• _EXERCISE DIRECTIONS_: Although the data below holds other lines too, output only those from the line with "else Rabs ((g" up to and including the line with "Definition lhs_coef (a", exactly as they appear.

[Dataset items]

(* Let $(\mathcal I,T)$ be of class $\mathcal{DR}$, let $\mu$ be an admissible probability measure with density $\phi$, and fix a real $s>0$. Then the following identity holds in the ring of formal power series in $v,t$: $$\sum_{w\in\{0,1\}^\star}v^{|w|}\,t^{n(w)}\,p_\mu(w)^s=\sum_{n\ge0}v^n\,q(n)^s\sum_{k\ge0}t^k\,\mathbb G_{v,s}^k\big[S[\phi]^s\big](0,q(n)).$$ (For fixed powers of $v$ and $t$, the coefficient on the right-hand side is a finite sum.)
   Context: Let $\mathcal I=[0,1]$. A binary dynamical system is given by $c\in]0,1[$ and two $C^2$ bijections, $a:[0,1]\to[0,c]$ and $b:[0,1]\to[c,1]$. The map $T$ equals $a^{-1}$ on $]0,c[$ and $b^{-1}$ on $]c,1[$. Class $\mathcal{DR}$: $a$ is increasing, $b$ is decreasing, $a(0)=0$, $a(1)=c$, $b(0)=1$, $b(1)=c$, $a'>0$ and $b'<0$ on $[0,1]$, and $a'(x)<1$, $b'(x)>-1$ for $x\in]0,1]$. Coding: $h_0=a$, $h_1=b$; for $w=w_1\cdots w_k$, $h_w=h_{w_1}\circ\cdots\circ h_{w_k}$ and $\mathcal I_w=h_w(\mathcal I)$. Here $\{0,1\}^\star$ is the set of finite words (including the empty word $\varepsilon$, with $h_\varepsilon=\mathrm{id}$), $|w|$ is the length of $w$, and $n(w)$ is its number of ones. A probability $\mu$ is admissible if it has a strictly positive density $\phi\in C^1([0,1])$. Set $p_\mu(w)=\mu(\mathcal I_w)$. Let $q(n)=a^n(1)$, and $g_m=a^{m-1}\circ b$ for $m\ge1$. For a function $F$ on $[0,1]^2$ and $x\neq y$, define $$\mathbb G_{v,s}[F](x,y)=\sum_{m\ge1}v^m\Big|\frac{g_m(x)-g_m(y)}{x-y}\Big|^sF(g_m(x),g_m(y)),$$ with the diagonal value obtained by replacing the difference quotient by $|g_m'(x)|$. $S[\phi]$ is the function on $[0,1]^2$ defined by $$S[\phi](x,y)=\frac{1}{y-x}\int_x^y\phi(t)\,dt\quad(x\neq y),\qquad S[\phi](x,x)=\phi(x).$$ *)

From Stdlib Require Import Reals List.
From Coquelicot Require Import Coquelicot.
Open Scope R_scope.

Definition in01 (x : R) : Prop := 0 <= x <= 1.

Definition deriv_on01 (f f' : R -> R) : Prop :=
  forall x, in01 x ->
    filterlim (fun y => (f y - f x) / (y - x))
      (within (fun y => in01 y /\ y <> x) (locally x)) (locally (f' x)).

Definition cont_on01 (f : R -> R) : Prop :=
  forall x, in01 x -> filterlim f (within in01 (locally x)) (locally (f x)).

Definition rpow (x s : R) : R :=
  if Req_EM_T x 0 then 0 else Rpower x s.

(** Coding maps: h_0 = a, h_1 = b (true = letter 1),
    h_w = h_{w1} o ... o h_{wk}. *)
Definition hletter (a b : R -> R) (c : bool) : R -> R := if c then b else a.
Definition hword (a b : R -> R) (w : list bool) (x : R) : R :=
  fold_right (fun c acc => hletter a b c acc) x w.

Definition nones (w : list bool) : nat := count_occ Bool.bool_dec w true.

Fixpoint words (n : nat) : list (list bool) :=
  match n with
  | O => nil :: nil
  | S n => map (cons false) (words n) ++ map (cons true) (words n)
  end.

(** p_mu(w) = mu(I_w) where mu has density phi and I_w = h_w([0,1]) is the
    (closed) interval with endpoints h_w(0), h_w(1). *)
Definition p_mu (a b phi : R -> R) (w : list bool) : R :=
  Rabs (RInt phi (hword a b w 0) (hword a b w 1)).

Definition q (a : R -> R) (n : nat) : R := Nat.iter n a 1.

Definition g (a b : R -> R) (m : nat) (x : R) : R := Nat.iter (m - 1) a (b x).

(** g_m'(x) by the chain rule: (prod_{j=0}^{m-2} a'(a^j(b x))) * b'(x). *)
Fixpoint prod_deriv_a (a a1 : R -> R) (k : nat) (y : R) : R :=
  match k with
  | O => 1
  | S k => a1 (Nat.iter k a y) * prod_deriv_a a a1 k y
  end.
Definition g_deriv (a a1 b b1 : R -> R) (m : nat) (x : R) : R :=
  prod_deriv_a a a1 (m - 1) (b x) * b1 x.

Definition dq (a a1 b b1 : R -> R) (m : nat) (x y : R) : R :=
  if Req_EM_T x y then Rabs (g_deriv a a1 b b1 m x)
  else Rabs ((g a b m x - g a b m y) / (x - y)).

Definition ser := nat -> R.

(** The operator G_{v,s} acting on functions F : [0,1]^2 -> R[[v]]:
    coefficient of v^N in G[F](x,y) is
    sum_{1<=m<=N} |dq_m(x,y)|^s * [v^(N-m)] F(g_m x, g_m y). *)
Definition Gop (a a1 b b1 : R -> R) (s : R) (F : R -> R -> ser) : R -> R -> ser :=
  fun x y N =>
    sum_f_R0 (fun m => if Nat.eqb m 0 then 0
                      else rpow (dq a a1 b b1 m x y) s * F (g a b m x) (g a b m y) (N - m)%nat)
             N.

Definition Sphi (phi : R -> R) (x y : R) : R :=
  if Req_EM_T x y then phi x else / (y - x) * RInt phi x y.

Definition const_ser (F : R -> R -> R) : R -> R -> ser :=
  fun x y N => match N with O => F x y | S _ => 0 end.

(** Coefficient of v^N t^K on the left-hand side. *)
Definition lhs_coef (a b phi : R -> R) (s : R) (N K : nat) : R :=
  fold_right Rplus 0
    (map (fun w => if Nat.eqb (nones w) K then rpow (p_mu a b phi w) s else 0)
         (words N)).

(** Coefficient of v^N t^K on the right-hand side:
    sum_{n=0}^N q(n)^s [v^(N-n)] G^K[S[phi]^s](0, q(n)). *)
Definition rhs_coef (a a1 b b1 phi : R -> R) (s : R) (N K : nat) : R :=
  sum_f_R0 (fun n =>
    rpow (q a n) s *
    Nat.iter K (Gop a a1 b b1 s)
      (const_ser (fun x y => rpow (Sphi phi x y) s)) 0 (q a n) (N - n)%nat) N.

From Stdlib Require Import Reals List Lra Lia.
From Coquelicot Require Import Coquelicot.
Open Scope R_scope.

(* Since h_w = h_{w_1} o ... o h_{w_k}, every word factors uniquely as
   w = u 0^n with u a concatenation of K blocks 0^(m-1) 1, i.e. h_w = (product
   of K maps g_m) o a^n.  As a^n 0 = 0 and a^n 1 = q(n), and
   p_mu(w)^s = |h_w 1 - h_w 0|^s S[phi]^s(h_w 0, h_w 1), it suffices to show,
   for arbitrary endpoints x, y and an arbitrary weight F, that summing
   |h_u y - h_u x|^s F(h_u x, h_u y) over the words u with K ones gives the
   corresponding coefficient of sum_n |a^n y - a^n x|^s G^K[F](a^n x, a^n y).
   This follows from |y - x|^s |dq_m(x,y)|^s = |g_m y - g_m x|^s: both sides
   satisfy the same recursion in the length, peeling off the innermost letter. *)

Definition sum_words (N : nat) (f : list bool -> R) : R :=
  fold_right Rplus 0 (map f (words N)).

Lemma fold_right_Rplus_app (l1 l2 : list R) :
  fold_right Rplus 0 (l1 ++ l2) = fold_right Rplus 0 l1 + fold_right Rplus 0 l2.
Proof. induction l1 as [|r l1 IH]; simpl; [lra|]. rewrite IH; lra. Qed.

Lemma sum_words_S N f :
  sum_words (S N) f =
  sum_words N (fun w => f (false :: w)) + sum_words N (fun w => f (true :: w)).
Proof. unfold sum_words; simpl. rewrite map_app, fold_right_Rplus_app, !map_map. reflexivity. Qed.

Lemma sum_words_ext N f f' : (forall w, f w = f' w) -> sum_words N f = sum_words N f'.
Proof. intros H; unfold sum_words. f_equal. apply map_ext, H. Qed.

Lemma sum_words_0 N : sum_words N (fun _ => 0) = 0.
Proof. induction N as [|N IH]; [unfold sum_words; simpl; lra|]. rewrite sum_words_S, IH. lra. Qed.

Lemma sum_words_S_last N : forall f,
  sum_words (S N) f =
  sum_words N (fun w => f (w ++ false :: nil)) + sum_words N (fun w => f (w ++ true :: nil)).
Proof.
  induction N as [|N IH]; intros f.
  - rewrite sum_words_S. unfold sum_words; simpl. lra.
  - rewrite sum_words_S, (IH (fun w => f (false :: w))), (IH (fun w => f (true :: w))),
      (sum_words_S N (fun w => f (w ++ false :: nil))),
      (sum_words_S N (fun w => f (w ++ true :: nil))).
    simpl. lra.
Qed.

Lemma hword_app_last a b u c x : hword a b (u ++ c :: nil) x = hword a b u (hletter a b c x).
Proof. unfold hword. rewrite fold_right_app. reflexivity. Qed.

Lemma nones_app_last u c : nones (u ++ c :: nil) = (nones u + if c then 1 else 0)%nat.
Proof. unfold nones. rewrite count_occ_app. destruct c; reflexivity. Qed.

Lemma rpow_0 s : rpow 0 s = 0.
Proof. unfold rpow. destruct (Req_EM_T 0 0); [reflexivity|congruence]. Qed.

• _SOLVED EXERCISE_:
  else Rabs ((g a b m x - g a b m y) / (x - y)).

Definition ser := nat -> R.

(** The operator G_{v,s} acting on functions F : [0,1]^2 -> R[[v]]:
    coefficient of v^N in G[F](x,y) is
    sum_{1<=m<=N} |dq_m(x,y)|^s * [v^(N-m)] F(g_m x, g_m y). *)
Definition Gop (a a1 b b1 : R -> R) (s : R) (F : R -> R -> ser) : R -> R -> ser :=
  fun x y N =>
    sum_f_R0 (fun m => if Nat.eqb m 0 then 0
                      else rpow (dq a a1 b b1 m x y) s * F (g a b m x) (g a b m y) (N - m)%nat)
             N.

Definition Sphi (phi : R -> R) (x y : R) : R :=
  if Req_EM_T x y then phi x else / (y - x) * RInt phi x y.

Definition const_ser (F : R -> R -> R) : R -> R -> ser :=
  fun x y N => match N with O => F x y | S _ => 0 end.

(** Coefficient of v^N t^K on the left-hand side. *)
Definition lhs_coef (a b phi : R -> R) (s : R) (N K : nat) : R :=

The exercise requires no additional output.